Monday, August 7, 2023

What is Evil?

What is evil? 


I don't mean, "what kinds of things are evil?" That is a topic for another day. I mean, what does evil consist of? What is its nature? 

I hear this question a lot, even from people who grew up Christian. Once I tried to explain it to a relative of mine. He was concerned that since God created everything, God must have created evil, so mustn't God therefore be evil or evil be good? 

This is a common confusion because of the way people think about "evil". 

When people hear "good and evil", they think of two equal opposites. Like north and south, left and right, or the two poles of a magnet. They think that if you crashed good and evil together, they would cancel each other out. But this is not what we can observe. 

Let's start with an easier example.

Try to picture a perfectly healthy body. A body with no flaws or breaks in it. It operates successfully, and there are no missing or extra pieces. Most of us can imagine this hypothetical. We may not know the particulars-- we're not all doctors-- but we can imagine that a body like that could exist. 

Now try to imagine a perfectly unhealthy body. I don't just mean a body with a few flaws in it or one that is exceptionally sick. I mean a body with everything wrong with it. It's too hot and too cold at the same time. It's both swollen and emaciated. They have a double arm amputation as well as extra arms and limbs. Every piece is simultaneously fractured, absent, and malfunctioning all at once. You may picture a bunch of dust. My point is, unhealth is self-contradictory. There can't be a body that's completely unhealthy. There must be some healthy parts of it or else there's no body at all. 

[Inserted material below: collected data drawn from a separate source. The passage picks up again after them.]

(* Let $G$ be a finite group and $\mathcal{A}$ a finite subgroup of $\mathbb{C}^\times$. Let $\psi\colon G\times G\to\mathcal{A}$ be a normalised 2-cocycle, and let $\Gamma=(G,\mathcal{A},\psi)$ be the central extension with underlying set $\mathcal{A}\times G$ and multiplication $(a,g)(b,h)=(ab\,\psi(g,h),gh)$. Index rows and columns of $|G|\times|G|$ matrices by the elements of $G$ in a fixed ordering, and for $(a,g)\in\Gamma$ define \[R(a,g)=a\left[\psi(x,g)\delta^{xg}_{y}\right]_{x,y\in G},\qquad L(a,g)=a\left[\psi(g,g^{-1}x)\delta^{x}_{gy}\right]_{x,y\in G}.\] Then a complex matrix $M$ indexed by $G$ satisfies $R(a,g)ML(a,g)^\ast=M$ for all $(a,g)\in\Gamma$ if and only if there exists a map $\phi\colon G\to\mathbb{C}$ such that $M=[\psi(x,y)\phi(xy)]_{x,y\in G}$.
   Context: A normalised 2-cocycle is a function $\psi\colon G\times G\to\mathcal{A}$ with $\psi(g,1)=\psi(1,g)=1$ and $\psi(g,h)\psi(gh,k)=\psi(g,hk)\psi(h,k)$ for all $g,h,k\in G$. $\delta^a_b$ is the Kronecker delta and $^\ast$ denotes conjugate transpose. *)

(* The complex numbers are modelled as R[i] = complex R
   for an arbitrary R : realType (mathcomp-real-closed's complex numbers
   over a model of the reals). *)
From HB Require Import structures.
From mathcomp Require Import all_boot all_order all_algebra all_fingroup.
From mathcomp Require Import complex reals.
Set Implicit Arguments.
Unset Strict Implicit.
Unset Printing Implicit Defensive.
Import GRing.Theory Num.Theory.
Local Open Scope ring_scope.

(* The elements of the finite group gT, in the fixed ordering enum gT;
   rows/columns of |G| x |G| matrices are indexed through this ordering. *)
Definition gidx (gT : finGroupType) (i : 'I_#|gT|) : gT := enum_val i.

Definition finite_subgroup_units (C : fieldType) (A : seq C) : Prop :=
  [/\ 0 \notin A, 1 \in A,
      {in A &, forall a b, a * b \in A} &
      {in A, forall a, a^-1 \in A}].

Definition normalised_cocycle (gT : finGroupType) (C : fieldType)
    (A : seq C) (psi : gT -> gT -> C) : Prop :=
  [/\ forall g h, psi g h \in A,
      forall g, psi g 1%g = 1 /\ psi 1%g g = 1 &
      forall g h k, psi g h * psi (g * h)%g k = psi g (h * k)%g * psi h k].

Definition Rmat (gT : finGroupType) (C : fieldType) (psi : gT -> gT -> C)
    (a : C) (g : gT) : 'M[C]_#|gT| :=
  \matrix_(i, j) (a * (psi (gidx i) g * ((gidx i * g)%g == gidx j)%:R)).

Definition Lmat (gT : finGroupType) (C : fieldType) (psi : gT -> gT -> C)
    (a : C) (g : gT) : 'M[C]_#|gT| :=
  \matrix_(i, j) (a * (psi g (g^-1 * gidx i)%g * (gidx i == (g * gidx j)%g)%:R)).

Definition adjmx (C : numClosedFieldType) (m n : nat) (M : 'M[C]_(m, n))
  : 'M[C]_(n, m) := (map_mx Num.conj M)^T.

From mathcomp Require Import all_boot all_order all_algebra all_fingroup.
From mathcomp Require Import complex reals ring.
Set Implicit Arguments.
Unset Strict Implicit.
Unset Printing Implicit Defensive.
Import GRing.Theory Num.Theory.
Local Open Scope ring_scope.

(* Elements of a finite subgroup of C^x are roots of unity, hence of modulus
   one, so a^* = a^-1 for every a in A and every value of psi.  The (x, y)
   entry of R(a,g) M L(a,g)^* is then psi(x,g) psi(g,g^-1 y)^-1 M(xg, g^-1 y),
   and the cocycle identity
     psi(x,g) psi(xg, g^-1 y) = psi(x,y) psi(g, g^-1 y)
   makes [psi(x,y) phi(xy)] invariant.  Conversely, for an invariant M the
   choice g = x^-1 relates M(x,y) to M(1,xy), so phi(z) := M(1,z) works. *)

Section FiniteSubgroupUnits.

Variables (C : fieldType) (A : seq C).
Hypothesis finA : finite_subgroup_units A.

Lemma finite_subgroup_units_neq0 a : a \in A -> a != 0.
Proof. by case: finA => A0 _ _ _; apply: contraTneq => ->. Qed.

Lemma finite_subgroup_unitsX a k : a \in A -> a ^+ k \in A.
Proof.
case: finA => _ A1 AM _ aA.
by elim: k => [|k IHk]; rewrite ?expr0 // exprS AM.
Qed.

Lemma finite_subgroup_units_unity_root a :
  a \in A -> exists2 n, (0 < n)%N & a ^+ n = 1.
Proof.
move=> aA; set s := mkseq (fun k => a ^+ k) (size A).+1.
have /(uniqPn 0) [i [j [lt_ij lt_js]]] : ~~ uniq s.
  apply: contraT => /negbNE uniq_s.
  have sub_sA : {subset s <= A}.
    by move=> _ /mapP [k _ ->]; exact: finite_subgroup_unitsX.
  by have := uniq_leq_size uniq_s sub_sA; rewrite size_mkseq ltnn.
rewrite size_mkseq in lt_js.
rewrite !nth_mkseq ?(ltn_trans lt_ij) // => eq_ij.
exists (j - i)%N; first by rewrite subn_gt0.
apply: (mulfI (expf_neq0 i (finite_subgroup_units_neq0 aA))).
by rewrite -exprD subnKC ?(ltnW lt_ij) // mulr1.
Qed.

End FiniteSubgroupUnits.

Lemma norm_unity_root (C : numDomainType) (a : C) n :
  (0 < n)%N -> a ^+ n = 1 -> `|a| = 1.
Proof.
move=> n_gt0 an1; apply/eqP.
by rewrite -(pexpr_eq1 n_gt0) // -normrX an1 normr1.
Qed.

Lemma conj_finite_subgroup_units (C : numClosedFieldType) (A : seq C) a :
  finite_subgroup_units A -> a \in A -> a^* = a^-1.
Proof.
move=> finA aA; have [n n_gt0 an1] := finite_subgroup_units_unity_root finA aA.
by rewrite invC_norm (norm_unity_root n_gt0 an1) expr1n invr1 mul1r.
Qed.

Lemma cocycle_shift (gT : finGroupType) (C : fieldType) (A : seq C)
    (psi : gT -> gT -> C) x g y :
  normalised_cocycle A psi ->
  psi x g * psi (x * g)%g (g^-1 * y)%g = psi x y * psi g (g^-1 * y)%g.
Proof. by case=> _ _ psiM; rewrite psiM mulKVg. Qed.

Section CocycleMatrices.

Variables (C : numClosedFieldType) (gT : finGroupType).
Implicit Types (psi : gT -> gT -> C) (M N : 'M[C]_#|gT|).

Lemma gidxK : cancel (@enum_rank gT) (@gidx gT).
Proof. exact: enum_rankK. Qed.

Lemma sum_delta_gidx (F : 'I_#|gT| -> C) x :
  \sum_k ((x == gidx k)%:R * F k) = F (enum_rank x).
Proof.
rewrite (bigD1 (enum_rank x)) //= gidxK eqxx mul1r big1 ?addr0 // => k.
move=> /negbTE ne_k; rewrite (_ : x == _ = false) ?mul0r //.
by apply: contraFF ne_k => /eqP ->; rewrite /gidx enum_valK.
Qed.

Lemma mulmx_Rmat psi a g M i j :
  (Rmat psi a g *m M) i j =
  a * psi (gidx i) g * M (enum_rank (gidx i * g)%g) j.
Proof.
rewrite mxE -(sum_delta_gidx (fun k => a * psi (gidx i) g * M k j)).
by apply: eq_bigr => k _; rewrite mxE; ring.
Qed.

Lemma mulmx_adj_Lmat psi a g N i j :
  (N *m adjmx (Lmat psi a g)) i j =
  (a * psi g (g^-1 * gidx j)%g)^* * N i (enum_rank (g^-1 * gidx j)%g).
Proof.
set c := (a * psi g (g^-1 * gidx j)%g)^*.
rewrite mxE -(sum_delta_gidx (fun k => c * N i k)).
apply: eq_bigr => k _; rewrite !mxE /= !rmorphM /= rmorph_nat.
rewrite -(inj_eq (mulgI g^-1%g)) mulKg; ring.
Qed.

Lemma Rmat_mulmx_adj_Lmat_entry psi a g M i j :
  (Rmat psi a g *m M *m adjmx (Lmat psi a g)) i j =
  a * a^* * (psi (gidx i) g * (psi g (g^-1 * gidx j)%g)^*) *
  M (enum_rank (gidx i * g)%g) (enum_rank (g^-1 * gidx j)%g).
Proof.
by rewrite mulmx_adj_Lmat mulmx_Rmat rmorphM /=; ring.
Qed.

Definition cocycle_mx psi (phi : gT -> C) : 'M[C]_#|gT| :=
  \matrix_(i, j) (psi (gidx i) (gidx j) * phi (gidx i * gidx j)%g).

Variables (A : seq C) (psi : gT -> gT -> C).
Hypotheses (finA : finite_subgroup_units A) (psiA : normalised_cocycle A psi).

Lemma conj_cocycle g h : (psi g h)^* = (psi g h)^-1.
Proof.
by case: psiA => inA _ _; exact: conj_finite_subgroup_units finA (inA g h).
Qed.

Lemma cocycle_neq0 g h : psi g h != 0.
Proof.
by case: psiA => inA _ _; have := finite_subgroup_units_neq0 finA (inA g h).
Qed.

Lemma cocycle_mx_invariant phi a g : a \in A ->
  Rmat psi a g *m cocycle_mx psi phi *m adjmx (Lmat psi a g) =
  cocycle_mx psi phi.
Proof.
move=> aA; apply/matrixP => i j.
rewrite Rmat_mulmx_adj_Lmat_entry !mxE !gidxK.
rewrite (conj_finite_subgroup_units finA aA).
rewrite mulfV ?(finite_subgroup_units_neq0 finA aA) // mul1r conj_cocycle.
rewrite -mulgA mulKVg mulrA [_ / _ * _]mulrAC.
by rewrite (cocycle_shift _ _ _ psiA) mulfK ?cocycle_neq0.
Qed.

Lemma invariant_cocycle_mx M :
  (forall g, Rmat psi 1 g *m M *m adjmx (Lmat psi 1 g) = M) ->
  M = cocycle_mx psi (fun z => M (enum_rank 1%g) (enum_rank z)).
Proof.
move=> invM; apply/matrixP => i j; rewrite mxE.
rewrite -{1}(invM (gidx i)^-1%g) Rmat_mulmx_adj_Lmat_entry invgK mulgV.
have := cocycle_shift (gidx i) (gidx i)^-1 (gidx j) psiA.
case: psiA => _ psi1 _; rewrite mulgV invgK (proj2 (psi1 _)) mulr1 => ->.
by rewrite rmorph1 !mul1r conj_cocycle mulfK ?cocycle_neq0.
Qed.

End CocycleMatrices.

Theorem lemma4p3 (R : realType) (gT : finGroupType) (A : seq R[i])
    (psi : gT -> gT -> R[i]) :
  finite_subgroup_units A ->
  normalised_cocycle A psi ->
  forall M : 'M[R[i]]_#|gT|,
    (forall (a : R[i]) (g : gT), a \in A ->
       Rmat psi a g *m M *m adjmx (Lmat psi a g) = M)
    <->
    (exists phi : gT -> R[i],
       M = \matrix_(i, j) (psi (gidx i) (gidx j) * phi (gidx i * gidx j)%g)).
Proof.
move=> finA psiA M; split=> [invM | [phi ->] a g aA].
- have [_ A1 _ _] := finA.
  exists (fun z => M (enum_rank 1%g) (enum_rank z)).
  by apply: (invariant_cocycle_mx finA psiA) => g; exact: invM _ _ A1.
- exact: (cocycle_mx_invariant finA psiA phi g aA).
Qed.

Unhealth has to tweak some part of health too far to one side or the other. We can all imagine a perfectly healthy body, but we can't imagine unhealth without a body at all. 

Or try to imagine a crooked line that's not made up of straight lines. Well? Can you? I don't mean a curved line. I mean a crooked one. You can picture a straight line that's not made up of crooked lines, but a crooked line is just two or more straight lines joined improperly.

In the same way, good can exist without evil, but evil can't exist without good. They aren't equal and opposites. Good doesn't depend on the other. "Evil" is good things put together wrong. "Evil" is only what you get when you have too much or too little of a good thing. Evil is not good's opposite. It's good's absence.

In the same way that cold is not really an energy but the absence of heat energy, evil isn't really a thing. It's the absence of a thing. 

When you move away from a source of heat, you get cold. When you move away from a source of light, you get darkness. When you move away from a source of life, you get death. And when you move away from the source of good, you get evil.

God didn't "create" evil, because in a sense evil is not something that is created. It's what happens when you uncreate. 

There's another question here. "Well, if God can do anything, could he do evil if he wanted to?" Yes, but why would he? Evil, by definition, is worse than Good. It's not a question of ability. It's a question of why. 

We do evil because we can't help it or because we think it will get us good things in an easier way. God can help it and he knows that you can't get good by doing evil. So why would he bother to do evil? That's like taking out all your healthy teeth and replacing them with ones filled with cavities. It doesn't make sense. 

Evil is not some quirky alternate route or path that gives you the same result in the end. There's no such thing as a "healthy" amount of evil except "none". 

Anybody who says otherwise is either deluded or selling something. My money is on the later. 

God's will be done. God save us all. I love you.